Donovan Bailey at the 1996 Olympics

In the combined events, athletes are awarded points which correlate to the times/measurements achieved in each event. The decathlon is 10 events (100m, long jump, shot put, high jump, 400m, 110m hurdles, discus, pole vault, javelin, 1500m) while the heptathlon is seven events (100m hurdles, high jump, shot put, 200m, long jump, javelin, 800m), both held over two days.

The road events are all mass starts. In the race walks, athletes must always have one foot in contact with the ground and completely straighten their leg on each stride. Three violations leads to disqualification.

Canada’s Olympic History

 

With 60 Olympic medals, Canada has won more medals in athletics than in any other sport. Canada won six athletics medals at Rio 2016, the country’s best total since the nine won at Los Angeles 1932.

Derek Drouin became Canada’s first Olympic champion in a field event since those Games, winning gold with a clean sheet, just the sixth high jumper to ever do so in Olympic history. It was Canada’s fourth ever men’s high jump medal, following Greg Joy’s silver at Montreal 1976, Duncan McNaughton’s gold at Los Angeles 1932 and his own bronze at London 2012, where he was part of a three-way tie for bronze  Andre De Grasse became the first Canadian track athlete to ever win three sprint medals, taking silver in the 200m and bronze in both the 100m and 4x100m relay. Canada was also the only country to win medals in both combined events, as Brianne Theisen-Eaton and Damian Warner won bronze in the heptathlon and decathlon, respectively.

Philip Edwards

There was a pair of bronze medals at Beijing 2008 as Priscilla Lopes-Schliep won Canada’s first Olympic medal on the track since Atlanta 1996, where Donovan Bailey became the “world’s fastest man” by winning the 100m gold in world record time and then anchored the 4x100m relay team to gold. Dylan Armstrong captured Canada’s first Olympic throwing medal since Stockholm 1912 when Duncan Gillis won hammer throw silver.

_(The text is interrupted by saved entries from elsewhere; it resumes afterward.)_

(* The value 2 at 0 pays for the first nonzero weight, which is (v k)^-1 <= 1. *)
Let potential (x : R) : R := if x == 0 then 2 else x^-1.

Lemma tel_weight_le_potential k : (k <= m)%N ->
  tel_weight v k <= potential (prev_val v k) - potential (v k).
Proof.
move=> le_km; have p_ge0 := prev_val_ge0 k; have le_pv := prev_val_le le_km.
rewrite /potential; have [vk0|vk_neq0] := eqVneq (v k) 0.
  have -> : prev_val v k = 0 by lra.
  by rewrite tel_weight_eq0 // eqxx subrr.
have vk_ge1 := v_ge1 _ vk_neq0; have [p0|p_neq0] := eqVneq (prev_val v k) 0.
  rewrite /tel_weight p0 subr0 expr2 invfM mulrA divff // mul1r.
  have : (v k)^-1 <= 1 by rewrite invf_le1 //; lra.
  lra.
by rewrite /tel_weight; apply: subr_div_sqr_le_invB (prev_val_ge1 p_neq0) le_pv.
Qed.

Lemma sum_tel_weight_le2 : \sum_(k < m.+1) tel_weight v k <= 2.
Proof.
pose f k := - potential (prev_val v k).
apply: (@le_trans _ _ (\sum_(k < m.+1) (f k.+1 - f k))).
  by apply: ler_sum => k _; rewrite /f opprK addrC tel_weight_le_potential // -ltnS.
rewrite -(big_mkord xpredT (fun k => f k.+1 - f k)) telescope_sumr // /f /= /potential eqxx.
by case: eqP => _; [lra | have := v_ge0 m; rewrite -invr_ge0; lra].
Qed.

End TelescopicWeights.

Section OrdinalSums.
Context {R : numDomainType}.
Variables (n N : nat) (F : nat -> R).
Hypothesis le_nN : (n <= N)%N.

Lemma ler_sum_ord_widen : (forall k, (k < N)%N -> 0 <= F k) ->
  \sum_(k < n) F k <= \sum_(k < N) F k.
Proof.
move=> F_ge0; rewrite (big_ord_widen N F le_nN) [leRHS](bigID (fun k : 'I_N => (k < n)%N)) /=.
by rewrite lerDl sumr_ge0 // => k _; apply: F_ge0.
Qed.

Lemma sum_ord_widen_eq0 : (forall k, (n <= k)%N -> F k = 0) ->
  \sum_(k < N) F k = \sum_(k < n) F k.
Proof.
move=> F_eq0; rewrite (big_ord_widen N F le_nN) [LHS](bigID (fun k : 'I_N => (k < n)%N)) /=.
by rewrite [X in _ + X]big1 ?addr0 // => k; rewrite -leqNgt => /F_eq0.
Qed.

End OrdinalSums.

Section MixtureDomination.
Context {R : realType}.
Implicit Types (q : R) (m k S : nat).

Definition root_lr q m k : R := expR (bern_llr q m k / 2).

Definition upper_root q m k : R :=
  if (q * m%:R <= k%:R) && (k <= m)%N then root_lr q m k else 0.

Variables (q : R) (m : nat).
Hypothesis q01 : 0 < q < 1.

Lemma root_lr_ge1 k : (k <= m)%N -> 1 <= root_lr q m k.
Proof.
move=> le_km; apply: le_trans (expR_ge1Dx _); rewrite lerDl divr_ge0 //.
exact: bern_llr_ge0.
Qed.

Lemma root_lr_sqr k : (k <= m)%N -> root_lr q m k ^+ 2 = bern_lr (k%:R / m%:R) q m k.
Proof. by move=> le_km; rewrite -expRM_natl mulrC divfK ?pnatr_eq0 // expR_bern_llr. Qed.

Lemma ratio_ge k : (0 < m)%N -> q * m%:R <= k%:R -> q <= k%:R / m%:R.
Proof. by move=> m_gt0 le_qm_k; rewrite ler_pdivlMr ?ltr0n. Qed.

Lemma root_lr_homo k : q * m%:R <= k%:R -> (k < m)%N -> root_lr q m k <= root_lr q m k.+1.
Proof.
move=> le_qm_k lt_km; have /andP[q_gt0 q_lt1] := q01.
have m_gt0 : (0 < m)%N by apply: leq_ltn_trans lt_km.
have k_gt0 : (0 < k)%N.
  rewrite lt0n; apply/negP => /eqP k0; move: le_qm_k; rewrite k0.
  have : 0 < q * m%:R by rewrite mulr_gt0 ?ltr0n.
  lra.
rewrite ler_expR ler_pM2r // -ler_expR !expR_bern_llr ?(ltnW lt_km) //.
apply: (le_trans _ (bern_lr_le_mle (a := k%:R / m%:R) _ q01 lt_km)).
  apply: bern_lr_homo; rewrite ?leqnSn ?lt_km // ratio_ge //=.
  by have /andP[] := ratio_ge0_le1 (R:=R) (ltnW lt_km).
by rewrite divr_gt0 ?ltr0n //= ltr_pdivrMr ?ltr0n // mul1r ltr_nat.
Qed.

Lemma upper_root_ge0 k : 0 <= upper_root q m k.
Proof. by rewrite /upper_root; case: ifP => _; rewrite ?expR_ge0. Qed.

Lemma upper_root_ge1 k : upper_root q m k != 0 -> 1 <= upper_root q m k.
Proof.
by rewrite /upper_root; case: ifP => [/andP[_ /root_lr_ge1]|_] //; rewrite eqxx.
Qed.

Lemma upper_root_eq0 k : (m < k)%N -> upper_root q m k = 0.
Proof. by move=> lt_mk; rewrite /upper_root leqNgt lt_mk andbF. Qed.

Lemma upper_root_homo k : (k < m)%N -> upper_root q m k <= upper_root q m k.+1.
Proof.
move=> lt_km; rewrite {1}/upper_root (ltnW lt_km) andbT.
case: ifP => [le_qm_k|_]; last exact: upper_root_ge0.
have le_qm_Sk : q * m%:R <= k.+1%:R by apply: le_trans le_qm_k _; rewrite ler_nat.
by rewrite /upper_root le_qm_Sk lt_km; apply: root_lr_homo.
Qed.

Lemma upper_root_sqr_le k S : (k <= S <= m)%N ->
  upper_root q m k ^+ 2 <= bern_lr (k%:R / m%:R) q m S.
Proof.
move=> /andP[le_kS le_Sm]; have le_km := leq_trans le_kS le_Sm.
have lr_ge0 : 0 <= bern_lr (k%:R / m%:R) q m S by rewrite bern_lr_ge0 ?ratio_ge0_le1.
rewrite /upper_root le_km andbT; case: ifP => [le_qm_k|_]; last by rewrite expr0n.
rewrite root_lr_sqr //; have [->|lt_kS] := eqVneq k S; first by [].
apply: bern_lr_homo; rewrite ?le_kS ?le_Sm // ratio_ge //=; last first.
  by move: lt_kS le_kS le_Sm; lia.
by have /andP[] := ratio_ge0_le1 (R:=R) le_km.
Qed.

Lemma root_lr_le_upper_mix S : (S <= m)%N -> q * m%:R <= S%:R ->
  root_lr q m S <= \sum_(k < m.+1) tel_weight (upper_root q m) k * bern_lr (k%:R / m%:R) q m S.
Proof.
move=> le_Sm le_qm_S.
have tw_ge0 := tel_weight_ge0 _ _ upper_root_ge0 upper_root_homo upper_root_eq0.
have -> : root_lr q m S = upper_root q m S by rewrite /upper_root le_qm_S le_Sm.
rewrite -(sum_tel_weight_mul_sqr _ _ upper_root_ge0 upper_root_homo _ le_Sm).
apply: (le_trans _ (ler_sum_ord_widen S.+1 m.+1 (fun k => tel_weight (upper_root q m) k *
  bern_lr (k%:R / m%:R) q m S) le_Sm _)); last first.
  by move=> k le_km; rewrite mulr_ge0 ?bern_lr_ge0 ?ratio_ge0_le1.
apply: ler_sum => k _; rewrite ler_wpM2l // upper_root_sqr_le //.
by rewrite -ltnS ltn_ord.
Qed.

End MixtureDomination.

Section Mixture.
Context {R : realType} {M : nat}.

(* The index (true, k) stands for the alternative k/m, used when S >= q m; the index
   (false, k) for 1 - k/m, used when S < q m, where it is the same construction for
   1 - q and m - S. *)
Definition mix_weight (q : R) m (j : bool * 'I_M) : R :=
  tel_weight (upper_root (if j.1 then q else 1 - q) m) j.2.

Definition mix_param m (j : bool * 'I_M) : R :=
  if j.1 then j.2%:R / m%:R else 1 - j.2%:R / m%:R.

Lemma sum_bool_ord (F : bool * 'I_M -> R) :
  \sum_j F j = \sum_(i < M) F (true, i) + \sum_(i < M) F (false, i).
Proof.
rewrite -(big_bool _ (fun b => \sum_(i < M) F (b, i))) pair_big.
by apply: eq_bigr => -[].
Qed.

Variables (q : R) (m : nat).
Hypotheses (q01 : 0 < q < 1) (lt_mM : (m < M)%N).

Let compl_q01 : 0 < 1 - q < 1.
Proof. by move: q01 => /andP[? ?]; apply/andP; split; lra. Qed.

Let sel_q01 (b : bool) : 0 < (if b then q else 1 - q) < 1.
Proof. by case: b. Qed.

Lemma mix_weight_eq0 (j : bool * 'I_M) : (m < j.2)%N -> mix_weight q m j = 0.
Proof. by move=> lt_mj; rewrite /mix_weight tel_weight_eq0 // upper_root_eq0. Qed.

Lemma mix_weight_ge0 (j : bool * 'I_M) : 0 <= mix_weight q m j.
Proof.
apply: (tel_weight_ge0 _ m);
  [exact: upper_root_ge0 | exact: upper_root_homo _ _ (sel_q01 _) | exact: upper_root_eq0].
Qed.

Lemma mix_term_ge0 (j : bool * 'I_M) S : 0 <= mix_weight q m j * bern_lr (mix_param m j) q m S.
Proof.
have [le_jm|lt_mj] := leqP j.2 m; last by rewrite mix_weight_eq0 ?mul0r.
rewrite mulr_ge0 ?mix_weight_ge0 ?bern_lr_ge0 // /mix_param.
by have /andP[? ?] := ratio_ge0_le1 (R:=R) le_jm; case: ifP => _; apply/andP; split; lra.
Qed.

Let sum_tel_weight_widen q' (G : nat -> R) :
  \sum_(i < M) tel_weight (upper_root q' m) i * G i =
  \sum_(k < m.+1) tel_weight (upper_root q' m) k * G k.
Proof.
apply: (sum_ord_widen_eq0 _ _ (fun k => tel_weight (upper_root q' m) k * G k) lt_mM) => k lt_mk.
by rewrite tel_weight_eq0 ?mul0r // upper_root_eq0.
Qed.

Lemma sum_mix_weight_le4 : \sum_j mix_weight q m j <= 4.
Proof.
have half_le2 (q' : R) : 0 < q' < 1 -> \sum_(i < M) tel_weight (upper_root q' m) i <= 2.
  move=> q'01; rewrite (sum_ord_widen_eq0 _ _ _ lt_mM) => [|k lt_mk]; last first.
    by rewrite tel_weight_eq0 // upper_root_eq0.
  by apply: sum_tel_weight_le2;
    [exact: upper_root_ge0 | exact: upper_root_ge1 | exact: upper_root_homo].
rewrite sum_bool_ord /mix_weight /=.
by have := half_le2 _ q01; have := half_le2 _ compl_q01; lra.
Qed.

Lemma root_lr_le_mix S : (S <= m)%N ->
  root_lr q m S <= \sum_j mix_weight q m j * bern_lr (mix_param m j) q m S.
Proof.
move=> le_Sm; have half_ge0 b :
    0 <= \sum_(i < M) mix_weight q m (b, i) * bern_lr (mix_param m (b, i)) q m S.
  by apply: sumr_ge0 => i _; apply: mix_term_ge0.
move: (half_ge0 true) (half_ge0 false); rewrite sum_bool_ord /mix_weight /mix_param /=.
rewrite (sum_tel_weight_widen q (fun k => bern_lr (k%:R / m%:R) q m S)).
rewrite (sum_tel_weight_widen (1 - q) (fun k => bern_lr (1 - k%:R / m%:R) q m S)).
have [le_qm_S|lt_S_qm] := lerP (q * m%:R) S%:R.
  by have := root_lr_le_upper_mix _ _ q01 _ le_Sm le_qm_S; lra.
have le_qm_S' : (1 - q) * m%:R <= (m - S)%:R by rewrite natrB // mulrBl mul1r; lra.
have -> : \sum_(k < m.+1) tel_weight (upper_root (1 - q) m) k * bern_lr (1 - k%:R / m%:R) q m S
    = \sum_(k < m.+1) tel_weight (upper_root (1 - q) m) k * bern_lr (k%:R / m%:R) (1 - q) m (m - S).
  by apply: eq_bigr => k _; rewrite bern_lr_compl // subKr.
have := root_lr_le_upper_mix _ _ compl_q01 _ (leq_subr S m) le_qm_S'.
by rewrite /root_lr -bern_llr_compl //; lra.
Qed.

End Mixture.

Lemma sum_le_markov {R : realFieldType} (T : finType) (A : pred T) (w f : T -> R) t :
  0 < t -> (forall x, 0 <= w x) -> (forall x, 0 <= f x) -> (forall x, A x -> t <= f x) ->
  \sum_(x | A x) w x <= (\sum_x w x * f x) / t.
Proof.
move=> t_gt0 w_ge0 f_ge0 A_f; rewrite ler_pdivlMr // mulr_suml.
rewrite [leRHS](bigID A) /= -[leLHS]addr0 lerD ?sumr_ge0 // => [|x _].
  by apply: ler_sum => x Ax; rewrite ler_wpM2l ?A_f.
exact: mulr_ge0.
Qed.

Section BlockBernoulli.
Context {R : realType} {E P : finType}.
Variables (bl : E -> P) (q : P -> R).
Hypothesis q01 : forall p, 0 < q p < 1.

Definition block p : {set E} := [set e | bl e == p].

Definition block_size p := #|block p|.

Definition block_count (g : {ffun E -> bool}) p := #|[set e in block p | g e]|.

Lemma block_count_le g p : (block_count g p <= block_size p)%N.
Proof. by rewrite /block_count /block_size setIdE subset_leq_card // subsetIl. Qed.

Definition bern_weight (g : {ffun E -> bool}) : R :=
  \prod_e (if g e then q (bl e) else 1 - q (bl e)).

Definition tilt (a : P -> R) (g : {ffun E -> bool}) : R :=
  \prod_e (if g e then a (bl e) / q (bl e) else (1 - a (bl e)) / (1 - q (bl e))).

Lemma sum_ffun_prod (F : E -> bool -> R) :
  \sum_(g : {ffun E -> bool}) \prod_e F e (g e) = \prod_e (F e true + F e false).
Proof. by rewrite -bigA_distr_bigA; apply: eq_bigr => e _; rewrite big_bool. Qed.

Lemma bern_weight_ge0 g : 0 <= bern_weight g.
Proof.
by apply: prodr_ge0 => e _; have /andP[? ?] := q01 (bl e); case: (g e); lra.
Qed.

Lemma sum_bern_weight : \sum_g bern_weight g = 1.
Proof.
rewrite (sum_ffun_prod (fun e b => if b then q (bl e) else 1 - q (bl e))).
by rewrite big1 // => e _; rewrite subrKC.
Qed.

Lemma sum_bern_weight_tilt a : \sum_g bern_weight g * tilt a g = 1.
Proof.
under eq_bigr do rewrite -big_split /=.
rewrite (sum_ffun_prod (fun e b => (if b then q (bl e) else 1 - q (bl e)) *
  (if b then a (bl e) / q (bl e) else (1 - a (bl e)) / (1 - q (bl e))))).
apply: big1 => e _; have /andP[q_gt0 q_lt1] := q01 (bl e).
by rewrite /= mulrC divfK ?gt_eqF // mulrC divfK ?subrKC // gt_eqF ?subr_gt0.
Qed.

The most medals won by a single athlete is the five bronzes that Phil Edwards earned from 1928 to 1936. It was at Los Angeles 1932 that Canada achieved its greatest total medal haul in athletics, winning nine medals.

Amsterdam 1928 stands out as perhaps Canada’s greatest Olympic Games in athletics. Women competed in athletics for the first time, leading to the first female members of a summer Canadian Olympic Team. They won four medals, including gold in the high jump by Ethel Catherwood and the 4x100m relay. Percy Williams is the star of the sprints, becoming the only Canadian to achieve double gold in the 100m and 200m.

Canada’s first ever Olympic medals came in athletics thanks to George Orton, who won 2500m steeplechase gold and 400m hurdles bronze in the span of an hour at Paris 1900.